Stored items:
* * * *
(* Let $Y\subset\mathbb{R}^n$ be open, and let $\omega\colon Y\to\mathbb{R}^n$, $f\colon Y\to\mathbb{R}^n$, $F\colon Y\to\mathbb{R}$, $H\colon Y\to\mathbb{R}^{n\times m}$, $g\colon Y\to\mathbb{R}^m$, $f^{\mathrm{num}}\colon Y\times Y\to\mathbb{R}^n$, $H^{\mathrm{num}}\colon Y\times Y\to\mathbb{R}^{n\times m}$, $(Hg)^{\mathrm{num}}\colon Y\times Y\to\mathbb{R}^n$ be arbitrary with $f^{\mathrm{num}}(u,u)=f(u)$, $H^{\mathrm{num}}(u,u)=H(u)$, $(Hg)^{\mathrm{num}}(u,u)=H(u)g(u)$. Then the following are equivalent: (A) there exists $F^{\mathrm{num}}\colon Y\times Y\to\mathbb{R}$ with $F^{\mathrm{num}}(u,u)=F(u)$ such that for all $u_-,u_0,u_+\in Y$, $$\omega(u_0)\cdot\Big(f^{\mathrm{num}}(u_0,u_+)-f^{\mathrm{num}}(u_-,u_0)+(Hg)^{\mathrm{num}}(u_0,u_+)-(Hg)^{\mathrm{num}}(u_-,u_0)-H^{\mathrm{num}}(u_0,u_+)g(u_0)+H^{\mathrm{num}}(u_-,u_0)g(u_0)\Big)\ \ge\ F^{\mathrm{num}}(u_0,u_+)-F^{\mathrm{num}}(u_-,u_0);$$ (B) for all $u_-,u_+\in Y$, $$[\![\omega]\!]\cdot f^{\mathrm{num}}+[\![\omega]\!]\cdot (Hg)^{\mathrm{num}}-\omega(u_+)\cdot H^{\mathrm{num}}g(u_+)+\omega(u_-)\cdot H^{\mathrm{num}}g(u_-)\ \le\ [\![\omega\cdot f-F]\!],$$ with all numerical fluxes evaluated at $(u_-,u_+)$. Moreover, there exists a consistent $F^{\mathrm{num}}$ with equality in (A) for all triples iff (B) holds with equality for all pairs, and then $$F^{\mathrm{num}}=\{\{F\}\}+\{\{\omega\}\}\cdot f^{\mathrm{num}}-\{\{\omega\cdot f\}\}+\{\{\omega\}\}\cdot(Hg)^{\mathrm{num}}-\tfrac12\omega(u_+)\cdot H^{\mathrm{num}}g(u_+)-\tfrac12\omega(u_-)\cdot H^{\mathrm{num}}g(u_-).$$
   Context: For a function $a$ on $Y$ and states $u_\pm$: $\{\{a\}\}=\tfrac12(a(u_-)+a(u_+))$, $[\![a]\!]=a(u_+)-a(u_-)$. *)

From HB Require Import structures.
From mathcomp Require Import all_boot all_order all_algebra.
From mathcomp Require Import all_classical all_reals all_analysis.
Set Implicit Arguments. Unset Strict Implicit. Unset Printing Implicit Defensive.
Import Order.TTheory GRing.Theory Num.Theory.
Import numFieldNormedType.Exports.
Local Open Scope ring_scope.

Definition dotv (R : realType) (n : nat) (a b : 'cV[R]_n) : R :=
  \sum_(i < n) a i 0 * b i 0.

From HB Require Import structures.
From mathcomp Require Import all_boot all_order all_algebra.
From mathcomp Require Import all_classical all_reals all_analysis.
From mathcomp Require Import lra.
Set Implicit Arguments. Unset Strict Implicit. Unset Printing Implicit Defensive.
Import Order.TTheory GRing.Theory Num.Theory.
Import numFieldNormedType.Exports.
Local Open Scope classical_set_scope.
Local Open Scope ring_scope.

(* Split the interface term at (u_-, u_+) into the part [P u_- u_+] tested
   against omega(u_-) and the part [Q u_- u_+] tested against omega(u_+); both
   equal D u := omega(u).f(u) on the diagonal, and the cell inequality reads
   [Fnum u0 u+ - Fnum u- u0 <= P u0 u+ - Q u- u0].  The cell gaps on the
   degenerate triples (u-, u+, u+) and (u-, u-, u+) add up to the jump gap,
   which gives necessity; conversely [Fnum a b := P a b - D a + F a] has cell
   gap equal to the jump gap, which gives sufficiency.  When all gaps vanish,
   the two degenerate triples give two expressions for [Fnum]; their average
   is the symmetric formula. *)

Section Dot.
Variables (R : realType) (n : nat).
Implicit Types a b c : 'cV[R]_n.

Lemma dotvDl a b c : dotv (a + b) c = dotv a c + dotv b c.
Proof. by rewrite /dotv -big_split; apply: eq_bigr => i _; rewrite mxE mulrDl. Qed.

Lemma dotvDr a b c : dotv a (b + c) = dotv a b + dotv a c.
Proof. by rewrite /dotv -big_split; apply: eq_bigr => i _; rewrite mxE mulrDr. Qed.

Lemma dotvNl a c : dotv (- a) c = - dotv a c.
Proof. by rewrite /dotv -sumrN; apply: eq_bigr => i _; rewrite mxE mulNr. Qed.

Lemma dotvNr a c : dotv a (- c) = - dotv a c.
Proof. by rewrite /dotv -sumrN; apply: eq_bigr => i _; rewrite mxE mulrN. Qed.

Lemma dotvZl (k : R) a c : dotv (k *: a) c = k * dotv a c.
Proof. by rewrite /dotv mulr_sumr; apply: eq_bigr => i _; rewrite mxE mulrA. Qed.

End Dot.

Section EntropyFlux.
Variables (R : realFieldType) (T : Type) (Y : set T).
Variables (P Q : T -> T -> R) (D G : T -> R).
Hypothesis P_diag : forall u, Y u -> P u u = D u.
Hypothesis Q_diag : forall u, Y u -> Q u u = D u.

Definition consistent_flux (Fnum : T -> T -> R) := forall u, Y u -> Fnum u u = G u.

Definition cell_gap (Fnum : T -> T -> R) a b c := P b c - Q a b - (Fnum b c - Fnum a b).

Definition jump_gap a b := (D b - G b) - (D a - G a) - (Q a b - P a b).

Definition canonical_flux a b := P a b - D a + G a.

Lemma cell_gap_degenerate_sum Fnum a b : consistent_flux Fnum -> Y a -> Y b ->
  cell_gap Fnum a b b + cell_gap Fnum a a b = jump_gap a b.
Proof.
move=> FG Ya Yb; rewrite /cell_gap /jump_gap.
by rewrite FG // FG // P_diag // Q_diag //; lra.
Qed.

Lemma cell_gap_canonical a b c : cell_gap canonical_flux a b c = jump_gap a b.
Proof. by rewrite /cell_gap /jump_gap /canonical_flux; lra. Qed.

Lemma consistent_canonical_flux : consistent_flux canonical_flux.
Proof. by move=> u Yu; rewrite /canonical_flux P_diag //; lra. Qed.

Lemma cell_ineq_iff_jump_ineq :
  (exists Fnum, consistent_flux Fnum /\
     forall a b c, Y a -> Y b -> Y c -> Fnum b c - Fnum a b <= P b c - Q a b)
  <-> (forall a b, Y a -> Y b -> Q a b - P a b <= (D b - G b) - (D a - G a)).
Proof.
split=> [[Fnum [FG cell]] a b Ya Yb | jump].
- have := cell_gap_degenerate_sum FG Ya Yb; rewrite /cell_gap /jump_gap.
  by have := cell a b b Ya Yb Yb; have := cell a a b Ya Ya Yb; lra.
- exists canonical_flux; split=> [|a b c Ya Yb _]; first exact: consistent_canonical_flux.
  by have := cell_gap_canonical a b c; have := jump a b Ya Yb; rewrite /cell_gap /jump_gap; lra.
Qed.

Lemma cell_eq_iff_jump_eq :
  (exists Fnum, consistent_flux Fnum /\
     forall a b c, Y a -> Y b -> Y c -> P b c - Q a b = Fnum b c - Fnum a b)
  <-> (forall a b, Y a -> Y b -> Q a b - P a b = (D b - G b) - (D a - G a)).
Proof.
split=> [[Fnum [FG cell]] a b Ya Yb | jump].
- have := cell_gap_degenerate_sum FG Ya Yb; rewrite /cell_gap /jump_gap.
  by have := cell a b b Ya Yb Yb; have := cell a a b Ya Ya Yb; lra.
- exists canonical_flux; split=> [|a b c Ya Yb _]; first exact: consistent_canonical_flux.
  by have := cell_gap_canonical a b c; have := jump a b Ya Yb; rewrite /cell_gap /jump_gap; lra.
Qed.

Lemma cell_eq_flux_average Fnum : consistent_flux Fnum ->
  (forall a b c, Y a -> Y b -> Y c -> P b c - Q a b = Fnum b c - Fnum a b) ->
  forall a b, Y a -> Y b ->
  Fnum a b = (G a + G b) / 2 + (P a b + Q a b) / 2 - (D a + D b) / 2.
Proof.
move=> FG cell a b Ya Yb.
have := cell a b b Ya Yb Yb; have := cell a a b Ya Ya Yb.
by rewrite FG // FG // P_diag // Q_diag //; lra.
Qed.

End EntropyFlux.

Theorem mainTheorem7 (R : realType) (n m : nat) (Y : set 'cV[R]_n)
  (omega f : 'cV[R]_n -> 'cV[R]_n) (F : 'cV[R]_n -> R)
  (H : 'cV[R]_n -> 'M[R]_(n, m)) (g : 'cV[R]_n -> 'cV[R]_m)
  (fnum : 'cV[R]_n -> 'cV[R]_n -> 'cV[R]_n)
  (Hnum : 'cV[R]_n -> 'cV[R]_n -> 'M[R]_(n, m))
  (Hgnum : 'cV[R]_n -> 'cV[R]_n -> 'cV[R]_n) :
  open Y ->
  (forall u, Y u -> fnum u u = f u) ->
  (forall u, Y u -> Hnum u u = H u) ->
  (forall u, Y u -> Hgnum u u = H u *m g u) ->
  let lhsA (um u0 up : 'cV[R]_n) : R :=
    dotv (omega u0)
      (fnum u0 up - fnum um u0 + Hgnum u0 up - Hgnum um u0
       - Hnum u0 up *m g u0 + Hnum um u0 *m g u0) in
  let lhsB (um up : 'cV[R]_n) : R :=
    dotv (omega up - omega um) (fnum um up)
    + dotv (omega up - omega um) (Hgnum um up)
    - dotv (omega up) (Hnum um up *m g up)
    + dotv (omega um) (Hnum um up *m g um) in
  let rhsB (um up : 'cV[R]_n) : R :=
    (dotv (omega up) (f up) - F up) - (dotv (omega um) (f um) - F um) in
  ((exists Fnum : 'cV[R]_n -> 'cV[R]_n -> R,
      (forall u, Y u -> Fnum u u = F u) /\
      (forall um u0 up, Y um -> Y u0 -> Y up ->
         lhsA um u0 up >= Fnum u0 up - Fnum um u0))
   <->
   (forall um up, Y um -> Y up -> lhsB um up <= rhsB um up))
  /\
  ((exists Fnum : 'cV[R]_n -> 'cV[R]_n -> R,
      (forall u, Y u -> Fnum u u = F u) /\
      (forall um u0 up, Y um -> Y u0 -> Y up ->
         lhsA um u0 up = Fnum u0 up - Fnum um u0))
   <->
   (forall um up, Y um -> Y up -> lhsB um up = rhsB um up))
  /\
  (forall Fnum : 'cV[R]_n -> 'cV[R]_n -> R,
      (forall u, Y u -> Fnum u u = F u) ->
      (forall um u0 up, Y um -> Y u0 -> Y up ->
         lhsA um u0 up = Fnum u0 up - Fnum um u0) ->
      forall um up, Y um -> Y up ->
        Fnum um up =
          (F um + F up) / 2
          + dotv (2^-1 *: (omega um + omega up)) (fnum um up)
          - (dotv (omega um) (f um) + dotv (omega up) (f up)) / 2
          + dotv (2^-1 *: (omega um + omega up)) (Hgnum um up)
          - dotv (omega up) (Hnum um up *m g up) / 2
          - dotv (omega um) (Hnum um up *m g um) / 2).
Proof.
move=> _ f_diag H_diag Hg_diag lhsA lhsB rhsB.
pose flux a b u := fnum a b + Hgnum a b - Hnum a b *m g u.
pose P a b := dotv (omega a) (flux a b a).
pose Q a b := dotv (omega b) (flux a b b).
pose D u := dotv (omega u) (f u).
have flux_diag u : Y u -> flux u u u = f u.
  by move=> Yu; rewrite /flux f_diag // Hg_diag // H_diag // addrK.
have P_diag u : Y u -> P u u = D u by move=> Yu; rewrite /P flux_diag.
have Q_diag u : Y u -> Q u u = D u by move=> Yu; rewrite /Q flux_diag.
have -> : lhsA = fun um u0 up => P u0 up - Q um u0.
  by apply/funext => um; apply/funext => u0; apply/funext => up;
    rewrite /lhsA /P /Q /flux !(dotvDr, dotvNr); lra.
have -> : lhsB = fun um up => Q um up - P um up.
  by apply/funext => um; apply/funext => up;
    rewrite /lhsB /P /Q /flux !(dotvDl, dotvNl, dotvDr, dotvNr); lra.
split; [exact: cell_ineq_iff_jump_ineq P_diag Q_diag|split].
  exact: cell_eq_iff_jump_eq P_diag Q_diag.
move=> Fnum Fnum_diag cell um up Yum Yup.
rewrite (cell_eq_flux_average P_diag Q_diag Fnum_diag cell Yum Yup).
by rewrite /P /Q /D /flux !(dotvZl, dotvDl, dotvDr, dotvNr); lra.
Qed.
* * * *
- Brief -
Using only the data above, copy out the lines that include the word "gaps".

- Answer to this task -
   [Fnum u0 u+ - Fnum u- u0 <= P u0 u+ - Q u- u0].  The cell gaps on the
   gap equal to the jump gap, which gives sufficiency.  When all gaps vanish,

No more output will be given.